I’ve seen this dynamic play out dozens of times and I’ve never seen it block an attack. I have seen it tank productivity and break production systems many times however.
PS: The biggest impact denying outbound traffic has is to block Windows Update or the equivalent for other operating systems or applications. I’m working with a team right now that has to smuggle NPM modules in from their home PCs because they can’t run “npm audit fix” successfully on their isolated cloud PCs. Yes, for security they’re prevented from updating vulnerable packages unless they bend over backwards.

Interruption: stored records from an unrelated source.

Lemma energy_sign_comb_lipschitz s s' t t' M :
  0 <= s <= M -> 0 <= s' <= M -> 0 <= t <= M -> 0 <= t' <= M ->
  Rabs (sumZ (E (w s t)) - sumZ (E (w s' t')))
  <= p * M ^ m * (Rabs (s - s') + Rabs (t - t')) * sumZ (E u).
Proof.
  intros Hs Hs' Ht Ht'.
  assert (HK : 0 <= p * M ^ m * (Rabs (s - s') + Rabs (t - t'))).
  { apply Rmult_le_pos; [apply Rmult_le_pos; [apply pos_INR | apply pow_le; lra]|].
    pose proof (Rabs_pos (s - s')). pose proof (Rabs_pos (t - t')). lra. }
  apply sumZ_dist_le; try apply Eterm_sign_comb_summable; try lra; try apply u_in_D; auto.
  intros n. rewrite !Eterm_sign_comb, Eterm_split.
  pose proof (pow_even_linear_lipschitz m m_odd _ _ s s' t t' M
                (Delta_upos_uneg_same_sign u n) Hs Hs' Ht Ht') as HX.
  pose proof (pow_even_linear_lipschitz m m_odd _ _ s s' t t' M
                (upos_uneg_same_sign u n) Hs Hs' Ht Ht') as HU.
  pose proof (a_pos n). pose proof (b_pos n).
  replace (a n * (s * Delta U n + t * Delta V n) ^ S m + b n * (s * U n + t * V n) ^ S m
           - (a n * (s' * Delta U n + t' * Delta V n) ^ S m + b n * (s' * U n + t' * V n) ^ S m))
    with (a n * ((s * Delta U n + t * Delta V n) ^ S m - (s' * Delta U n + t' * Delta V n) ^ S m)
          + b n * ((s * U n + t * V n) ^ S m - (s' * U n + t' * V n) ^ S m)) by ring.
  eapply Rle_trans; [apply Rabs_triang|].
  rewrite !Rabs_mult, (Rabs_right (a n)), (Rabs_right (b n)) by lra.
  apply (Rmult_le_compat_l (a n)) in HX; [|lra]. apply (Rmult_le_compat_l (b n)) in HU; [|lra].
  lra.
Qed.

Lemma energy_sign_comb_tangent s t sg tg : 0 <= s -> 0 <= t -> 0 <= sg -> 0 <= tg ->
  (sg - 1) * sumZ (dEterm (w s t) (scalZ s U)) + (tg - 1) * sumZ (dEterm (w s t) (scalZ t V))
  <= (sumZ (E (w (sg * s) (tg * t))) - sumZ (E (w s t))) / p.
Proof.
  intros Hs Ht Hsg Htg. pose proof p_gt_1.
  destruct (dEterm_sign_comb_summable s t Hs Ht) as [H1 H2].
  assert (HE : summableZ (E (w s t))) by now apply Eterm_sign_comb_summable.
  assert (HE' : summableZ (E (w (sg * s) (tg * t)))) by (apply Eterm_sign_comb_summable; nra).
  unfold Rdiv. rewrite <- sumZ_minus, <- !sumZ_scal, <- sumZ_plus, Rmult_comm, <- sumZ_scal
    by auto using summableZ_scal.
  apply sumZ_le; [| now apply summableZ_plus; apply summableZ_scal
                  | apply summableZ_scal; now apply summableZ_minus].
  intros n. rewrite !Eterm_sign_comb. unfold dEterm. rewrite sign_comb_apply.
  unfold sign_comb. rewrite Delta_addZ, !Delta_scalZ. unfold scalZ.
  set (X := Delta U n). set (Y := Delta V n).
  pose proof (Delta_upos_uneg_same_sign u n) as HXY. pose proof (upos_uneg_same_sign u n) as HUV.
  fold X Y in HXY.
  assert (HX : 0 <= (s * X + t * Y) * (sg * s * X + tg * t * Y))
    by (apply same_sign_linear_forms; auto; nra).
  assert (HU : 0 <= (s * U n + t * V n) * (sg * s * U n + tg * t * V n))
    by (apply same_sign_linear_forms; auto; nra).
  apply (pow_even_tangent_le m m_odd) in HX, HU.
  apply (Rmult_le_compat_l (a n)) in HX; [|left; apply a_pos].
  apply (Rmult_le_compat_l (b n)) in HU; [|left; apply b_pos].
  apply (Rmult_le_reg_l p); [lra|]. rewrite <- (Rmult_assoc p), Rinv_r, Rmult_1_l by lra.
  lra.
Qed.

End SignCombination.

Local Notation inN := (Defs.inN p q r a b c).
Local Notation inM := (Defs.inM p q r a b c).

Lemma nehari_ray_le v t : inN v -> 0 <= t -> I (scalZ t v) <= I v.
Proof.
  intros [Hv [_ Hd]] Ht. pose proof (I_sign_comb_le v Hv t t Ht Ht) as Hle.
  rewrite sign_comb_diag in Hle. pose proof (I'_split v Hv) as Hsplit.
  replace (I' v (uneg v)) with (- I' v (upos v)) in Hle by lra. lra.
Qed.

Lemma nodal_nehari_quad_le v s t : inM v -> 0 <= s -> 0 <= t -> I (sign_comb v s t) <= I v.
Proof.
  intros (Hv & _ & _ & HU & HV) Hs Ht. pose proof (I_sign_comb_le v Hv s t Hs Ht) as Hle.
  rewrite HU, HV in Hle. lra.
Qed.

Lemma sumZ_Cterm_pos v : v <> zeroZ -> summableZ (Cterm v) -> 0 < sumZ (Cterm v).
Proof.
  intros Hv HC. destruct (seqZ_nonzero v Hv) as [n Hn].
  assert (0 < Cterm v n)
    by (apply Rmult_lt_0_compat; [apply c_pos | apply rpow_gt0, Rabs_pos_lt; auto]).
  pose proof (sumZ_ge_term _ n (Cterm_nonneg v) HC). lra.
Qed.

Lemma energy_pos v : inD v -> v <> zeroZ -> 0 < sumZ (E v).
Proof.
  intros [HE _] Hv. destruct (seqZ_nonzero v Hv) as [n Hn].
  pose proof (sumZ_ge_term _ n (Eterm_nonneg v) HE) as Hn'. rewrite Eterm_even in Hn'.
  pose proof (pow_even_pos m m_odd _ Hn). pose proof (pow_even_nonneg m m_odd (Delta v n)).
  pose proof (a_pos n). pose proof (b_pos n). nra.
Qed.

Lemma I'_scal_self v t : inD v -> 0 <= t ->
  I' (scalZ t v) (scalZ t v) = t ^ S m * sumZ (E v) - sumZ (L (scalZ t v)).
Proof.
  intros Hv Ht. rewrite I'_eq by auto. f_equal.
  rewrite <- sumZ_scal. apply sumZ_ext. intros n.
  rewrite dEterm_self, !Eterm_even, Delta_scalZ. unfold scalZ. rewrite !Rpow_mult_distr. ring.
Qed.

Lemma nehari_scaling_exists v : inD v -> v <> zeroZ -> exists t0, 0 < t0 /\ inN (scalZ t0 v).
Proof.
  intros Hv Hne. pose proof q_pos as Hq.
  assert (HC : summableZ (Cterm v)) by now apply Cterm_summable.
  assert (HL : summableZ (L v)) by apply Hv.
  assert (HB : 0 < r * sumZ (Cterm v)) by (apply Rmult_lt_0_compat; [|apply sumZ_Cterm_pos]; auto).
  destruct (pow_add_powlog_root q (- sumZ (L v)) (r * sumZ (Cterm v)) Hq HB (sumZ (E v)) (S m)
              (energy_pos v Hv Hne) (Rlt_le _ _ p_lt_q)) as [z [Hz Hroot]].
  exists z. split; [auto|]. split; [rewrite <- sign_comb_diag; apply inD_sign_comb; auto; lra|].
  split; [apply scalZ_nonzero; auto; lra|].
  rewrite I'_scal_self, sumZ_Lterm_scal by (auto; lra).
  rewrite <- Hroot. unfold powlog. ring.
Qed.

Lemma critical_of_subgradient v s0 Ed : 0 < s0 -> summableZ (L v) -> summableZ (Cterm v) ->
  (forall x, 0 < x < 2 ->
     (x - 1) * Ed + powlog q (logA v) (logB v) (x * s0) <= powlog q (logA v) (logB v) s0) ->
  Ed - sumZ (L (scalZ s0 v)) = 0.
Proof.
  intros Hs0 HL HC Hsub. pose proof q_pos.
  pose proof (subgradient_max_derive _ Ed s0 _ Hs0 (is_derive_powlog q (logA v) (logB v) s0 Hs0)
                Hsub) as Hcrit.
  rewrite sumZ_Lterm_scal by (auto; lra). rewrite <- Hcrit. unfold logA, logB. field. lra.
Qed.

Section Nodal.
Variable u : seqZ.
Hypotheses (u_in_D : inD u) (upos_nonzero : upos u <> zeroZ) (uneg_nonzero : uneg u <> zeroZ).
Local Notation U := (upos u).
Local Notation V := (uneg u).
Local Notation w := (sign_comb u).
Local Notation Phi s t := (1 / p * sumZ (E (w s t)) + powlog q (logA U) (logB U) s
                                                   + powlog q (logA V) (logB V) t).

Lemma logB_upos_uneg_pos : 0 < logB U /\ 0 < logB V.
Proof.
  destruct (upos_uneg_summable u u_in_D) as (_ & _ & HCU & HCV). pose proof q_pos as Hq.
  split; apply Rdiv_lt_0_compat, Hq; apply Rmult_lt_0_compat, sumZ_Cterm_pos; auto.
Qed.

Lemma I_Phi s t : 0 <= s -> 0 <= t -> I (w s t) = Phi s t.
Proof.
  intros Hs Ht. destruct (upos_uneg_summable u u_in_D) as (HLU & HLV & HCU & HCV).
  rewrite I_sign_comb, !logpart_scal by auto. reflexivity.
Qed.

I’m both a developer and a DFIR expert, and I practice what I preach. The apps I ship have a small allowlist for necessary external endpoints and everything else is denied.
Trust me, your vulnerabilities aren’t theoretical, especially if you’re using Windows systems for internet-facing prod.
I am a DFIR consultant, and I've been involved in 20 or 30 engagements over the last 15 years where proper egress controls would've stopped the adversary in their tracks.
What do you consider proper egress blocking? No DNS? No ICMP? No access to any web proxy? No CDP or OCSP access? Strict domain-based filtering of all outbound traffic? What about cloud management endpoints?
This can get to the point that it becomes nigh impossible to troubleshoot anything. Not even “ping” works!
And troubleshoot you will have to, trust me. You’ll discover that root cert updates are out-of-band and not included in some other security patches. And you’ll discover that the 60s delay that’s impossible to pin down is a CRL validating timeout. You’ll discover that ICMP isn’t as optional as you thought.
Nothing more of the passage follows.